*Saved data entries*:
(* 1 = 2 ((p + 1) / 2) - p with |p| < 1, so |2| < 1 would force |1| < 1. *)
Lemma abs2 : abs 2 = 1.
Proof.
have hp : p.+1 = (2 * (p./2).+1)%N.
  by have := odd_double_half p; rewrite p_odd -addnn /=; lia.
have e : (1 : K) = 2 * (p./2).+1%:R - p%:R by rewrite -natrM -hp -addn1 natrD addrC addKr.
apply/eqP; rewrite eq_le (abs_nat 2) /= leNgt; apply/negP => lt21.
have : abs (2 * (p./2).+1%:R + - p%:R) < 1.
  apply: ultra_lt; last by rewrite absN (abs_p Ha) pinv_lt1.
  by apply: le_lt_trans lt21; rewrite (abs_mul Ha) ler_piMr ?(abs_ge0 Ha) ?abs_nat.
by rewrite -e abs1 ltxx.
Qed.

Lemma lt1_of_exprn_lt_pinv d : 0 <= d -> d ^+ p.-1 < pinv -> d < 1.
Proof.
move=> d_ge0 h; rewrite ltNge; apply/negP => d_ge1.
by have := lt_le_trans (lt_le_trans pinv_lt1 (exprn_ege1 p.-1 d_ge1)) (ltW h); rewrite ltxx.
Qed.

(* Expanding a^p = (1 + (a - 1))^p, every middle binomial coefficient is
   divisible by p, and the last term is small by hypothesis. *)
Lemma abs_exprpB1 a : abs (a - 1) ^+ p.-1 < pinv ->
  abs (a ^+ p - 1) <= abs (a - 1) * pinv.
Proof.
set d := abs (a - 1) => hd.
have d_ge0 : 0 <= d by apply: (abs_ge0 Ha).
have d_lt1 : d < 1 by apply: lt1_of_exprn_lt_pinv.
have -> : a ^+ p - 1 = \sum_(i < p) (a - 1) ^+ i.+1 *+ 'C(p, i.+1).
  by rewrite -{1}(subrK 1 a) exprD1n big_ord_recl /= expr0 bin0 mulr1n addrC addKr.
apply: abs_sum => [|i _]; first by rewrite mulr_ge0 // ltW // pinv_gt0.
have : (i.+1 <= p)%N := ltn_ord i; rewrite leq_eqVlt => /orP [/eqP ip | ip].
  rewrite ip binn mulr1n absX -/d -(prednK (prime_gt0 p_prime)) exprS.
  by rewrite ler_pM // ?exprn_ge0 // ltW.
have /dvdnP [c ->] := prime_dvd_bin (k := i.+1) p_prime ip.
rewrite -mulr_natr natrM !(abs_mul Ha) absX -/d (abs_p Ha) -/pinv mulrA.
apply: ler_wpM2r; first exact: ltW pinv_gt0.
apply: le_trans (_ : d ^+ i.+1 <= d).
  by rewrite ler_piMr ?exprn_ge0 ?abs_nat.
by rewrite exprS ler_piMr // exprn_ile1 // ltW.
Qed.

Lemma zdig_lt (x : padic_int p) N : (x N < p ^ N)%N.
Proof. by rewrite -(zdigP x N) ltn_pmod // expn_gt0 prime_gt0. Qed.

Lemma zdig_mod (x : padic_int p) N M : (N <= M)%N -> (x M %% p ^ N)%N = x N.
Proof.
elim: M => [|M IH]; first by rewrite leqn0 => /eqP ->; rewrite modn_small // zdig_lt.
rewrite leq_eqVlt => /orP [/eqP <-|lt_NM]; first by rewrite modn_small // zdig_lt.
by rewrite -(IH lt_NM) -(zdigP x M) modn_dvdm // dvdn_exp2l.
Qed.

Variable q : K.
Hypothesis q_close : abs (q - 1) ^+ p.-1 < pinv.

Lemma abs_q_sub1_lt1 : abs (q - 1) < 1.
Proof. exact: lt1_of_exprn_lt_pinv (abs_ge0 Ha _) q_close. Qed.

Lemma abs_qX m : abs (q ^+ m) = 1.
Proof.
suff absq : abs q = 1 by rewrite absX absq expr1n.
by rewrite -(subrK 1 q) addrC abs_addr_eq abs1 // abs_q_sub1_lt1.
Qed.

(* Each p-th power divides the distance to 1 by p. *)
Lemma abs_qXexpnB1 N : abs (q ^+ (p ^ N) - 1) <= abs (q - 1) * pinv ^+ N.
Proof.
elim: N => [|N IH]; first by rewrite expn0 expr1 expr0 mulr1.
rewrite expnSr exprM exprSr mulrA.
have close_N : abs (q ^+ (p ^ N) - 1) <= abs (q - 1).
  apply: le_trans IH _; rewrite ler_piMr ?(abs_ge0 Ha) //.
  by rewrite exprn_ile1 // ltW // (pinv_gt0, pinv_lt1).
apply: le_trans (abs_exprpB1 _) _.
  by apply: le_lt_trans q_close; rewrite lerXn2r ?nnegrE ?(abs_ge0 Ha).
by rewrite ler_pM ?(abs_ge0 Ha) // ltW // pinv_gt0.
Qed.

Lemma abs_qX_congr a b N : a = b %[mod p ^ N] ->
  abs (q ^+ a - q ^+ b) <= abs (q - 1) * pinv ^+ N.
Proof.
wlog le_ab : a b / (a <= b)%N => [hwlog|] eab.
  by case: (leqP a b) => [/hwlog|/ltnW /hwlog]; rewrite // absB; apply; rewrite eab.
have /dvdnP [c hc] : (p ^ N %| b - a)%N by rewrite -eqn_mod_dvd // eab.
rewrite absB -(subnK le_ab) hc exprD mulnC exprM -{2}(mul1r (q ^+ a)) -mulrBl.
rewrite (abs_mul Ha) abs_qX mulr1; apply: le_trans (abs_exprB1_le _ _) (abs_qXexpnB1 N).
by rewrite abs_qX.
Qed.

Lemma qpowZp_cvg (x : padic_int p) : cvg_to abs (fun N => q ^+ x N) (qpowZp abs q x).
Proof.
apply: (epsilon_spec (inhabits 0)); apply: (abs_complete Ha) => e e_gt0.
have [N hN] := eventually_lt_pinvX (abs_ge0 Ha (q - 1)) e_gt0.
exists N => m k hm hk; apply: le_lt_trans (hN N (leqnn N)).
by apply: abs_qX_congr; rewrite !zdig_mod.
Qed.

Lemma abs_qpowZp_le1 (x : padic_int p) : abs (qpowZp abs q x) <= 1.
Proof.
have [N hN] := qpowZp_cvg x ltr01.
rewrite -[qpowZp _ _ _](subrKC (q ^+ x N)) addrC.
by apply: ultra_le; rewrite ?abs_qX // absB ltW ?hN.
Qed.

Lemma qpowZp_add_nat (x : padic_int p) (y : nat) :
  qpowZp abs q (zp_add x (nat_to_Zp p y)) = qpowZp abs q x * q ^+ y.
Proof.
apply: (cvg_to_unique (qpowZp_cvg _)) => e e_gt0 /=.
have [N1 hN1] := qpowZp_cvg x e_gt0.
have [N2 hN2] := eventually_lt_pinvX (abs_ge0 Ha (q - 1)) e_gt0.
exists (maxn N1 N2) => m; rewrite geq_max => /andP [hm1 hm2].
have -> : q ^+ ((x m + y %% p ^ m) %% p ^ m) - qpowZp abs q x * q ^+ y =
   (q ^+ ((x m + y %% p ^ m) %% p ^ m) - q ^+ (x m + y)) +
   (q ^+ x m - qpowZp abs q x) * q ^+ y by rewrite exprD mulrBl addrA subrK.
apply: ultra_lt; last by rewrite (abs_mul Ha) abs_qX mulr1 hN1.
by apply: le_lt_trans (hN2 m hm2); apply: abs_qX_congr; rewrite modnDmr modn_mod.
Qed.

Lemma abs_1DqX j : abs (1 + q ^+ j) = 1.
Proof.
rewrite (_ : 1 + q ^+ j = 2 + (q ^+ j - 1)); last by ring.
rewrite abs_addr_eq abs2 //; apply: le_lt_trans abs_q_sub1_lt1.
by rewrite abs_exprB1_le // (abs_qX 1).
Qed.

Lemma oneDqX_neq0 j : 1 + q ^+ j != 0.
Proof. by apply: contra_neq (oner_neq0 R) => h; rewrite -(abs_1DqX j) h (abs_0 Ha). Qed.

Lemma fermionic_partial_sum (x : padic_int p) n N :
  \sum_(y < p ^ N) qint_Zp abs q (zp_add x (nat_to_Zp p y)) ^+ n * (-1) ^+ y =
  \sum_(j < n.+1) (- qpowZp abs q x) ^+ j *+ 'C(n, j) / (1 - q) ^+ n
      * ((1 + (q ^+ j) ^+ (p ^ N)) / (1 + q ^+ j)).
Proof.
set Qx := qpowZp abs q x.
have expand y : qint_Zp abs q (zp_add x (nat_to_Zp p y)) ^+ n * (-1) ^+ y =
    \sum_(j < n.+1) (- Qx) ^+ j *+ 'C(n, j) / (1 - q) ^+ n * (- q ^+ j) ^+ y.
  rewrite /qint_Zp qpowZp_add_nat expr_div_n addrC -mulNr exprD1n !mulr_suml.
  by apply: eq_bigr => j _; rewrite exprMn -exprM mulnC exprM [(- q ^+ j) ^+ y]exprNn mulrnAl; ring.
under eq_bigr do rewrite expand.
rewrite exchange_big /=; apply: eq_bigr => j _; rewrite -mulr_sumr; congr (_ * _).
apply: (mulfI (oneDqX_neq0 j)); rewrite alternating_geom_sum ?oddX ?p_odd ?orbT //.
by rewrite mulrC divfK // oneDqX_neq0.
Qed.

Lemma abs_fermionic_factor_sub j N :
  abs ((1 + (q ^+ j) ^+ (p ^ N)) / (1 + q ^+ j) - 2 / (1 + q ^+ j))
    <= abs (q - 1) * pinv ^+ N.
Proof.
rewrite -mulrBl (_ : 1 + _ - 2 = (q ^+ (p ^ N)) ^+ j - 1); last by rewrite exprAC; ring.
rewrite (abs_mul Ha) absV abs_1DqX invr1 mulr1.
by apply: le_trans (abs_exprB1_le _ _) (abs_qXexpnB1 N); rewrite abs_qX.
Qed.

Lemma Enq_binomial (x : padic_int p) n :
  Enq abs q n x = \sum_(j < n.+1) (- qpowZp abs q x) ^+ j *+ 'C(n, j)
      / (1 - q) ^+ n * (2 / (1 + q ^+ j)).
Proof.
apply: fermionic_integralE => e e_gt0.
set C := abs ((1 - q) ^+ n)^-1.
have C_ge0 : 0 <= C by apply: abs_ge0 Ha _.
have [N hN] := eventually_lt_pinvX (mulr_ge0 C_ge0 (abs_ge0 Ha (q - 1))) e_gt0.
exists N => m hm; rewrite fermionic_partial_sum -sumrB.
apply: le_lt_trans (hN m hm); rewrite -mulrA.
apply: abs_sum => [|j _].
  by rewrite !mulr_ge0 ?exprn_ge0 ?(abs_ge0 Ha) // ltW // pinv_gt0.
have abs_binom_le1 : abs ((- qpowZp abs q x) ^+ j *+ 'C(n, j)) <= 1.
  rewrite -mulr_natr (abs_mul Ha) absX absN mulr_ile1 ?exprn_ge0 ?(abs_ge0 Ha) ?abs_nat //.
  by rewrite exprn_ile1 ?(abs_ge0 Ha) ?abs_qpowZp_le1.
rewrite -mulrBr !(abs_mul Ha) -/C -[X in _ <= X]mul1r mulrA.
apply: ler_pM; rewrite ?mulr_ge0 ?(abs_ge0 Ha) ?abs_fermionic_factor_sub //.
exact: ler_wpM2r.
Qed.

End NonArchimedean.

Lemma exprn_lt_pinv_of_lt_powR (R : realType) (p : nat) (d : R) :
  (1 < p)%N -> 0 <= d -> d < (p%:R : R) `^ (- ((p - 1)%:R)^-1) -> d ^+ p.-1 < (p%:R)^-1.
Proof.
move=> p_gt1 d_ge0 d_lt; set k : R := (p - 1)%:R.
have k_gt0 : 0 < k by rewrite ltr0n subn_gt0.
have p_ge0 : 0 <= (p%:R : R) by rewrite ler0n.
rewrite -subn1 -powR_mulrn // -/k.
have -> : (p%:R : R)^-1 = ((p%:R : R) `^ (- k^-1)) `^ k.
  by rewrite -powRrM mulNr mulVf ?gt_eqF // powR_inv1.
by apply: gt0_ltr_powR; rewrite ?nnegrE ?powR_ge0.
Qed.

Theorem mainTheorem5 (R : realType) (K : closedFieldType) (abs : K -> R)
    (p : nat) (q : K) (n : nat) (x : padic_int p) :
  prime p -> odd p -> padic_abs abs p -> q != 1 ->
  abs (1 - q) < (p%:R : R) `^ (- ((p - 1)%:R)^-1) ->
  Enq abs q n x =
  2 * \sum_(0 <= l < n.+1) \sum_(l <= k < n.+1)
        \sum_(t : {ffun 'I_k.+1 -> 'I_(n - k).+1}
              | (\sum_(i < k.+1) (t i : nat) == n - k)%N)
          q ^+ (\sum_(i < k.+1) i * t i)%N / (1 - q) ^+ (n + l - k)
          * s1q q k l * (-1) ^+ k
          * (qpowZp abs q x ^+ l / (1 + q ^+ l)).
Proof.
move=> p_prime p_odd Ha q_neq1 q_near1.
have q_close : abs (q - 1) ^+ p.-1 < pinv R p.
  by apply: exprn_lt_pinv_of_lt_powR; rewrite ?prime_gt1 ?(abs_ge0 Ha) // (absB Ha).
have q_neq0 : q != 0.
  apply: contra_neq (oner_neq0 R) => q0.
  by rewrite -(abs_qX Ha p_prime q_close 1) q0 expr1 (abs_0 Ha).
by rewrite (Enq_binomial Ha p_prime p_odd q_close) binomial_sum_stirling_form.
Qed.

*Task details*:
One inclusive range is required: first line of the data through the line containing "by have := odd_double_half". Set it down exactly and output nothing else.

*Task result*:
(* 1 = 2 ((p + 1) / 2) - p with |p| < 1, so |2| < 1 would force |1| < 1. *)
Lemma abs2 : abs 2 = 1.
Proof.
have hp : p.+1 = (2 * (p./2).+1)%N.
  by have := odd_double_half p; rewrite p_odd -addnn /=; lia.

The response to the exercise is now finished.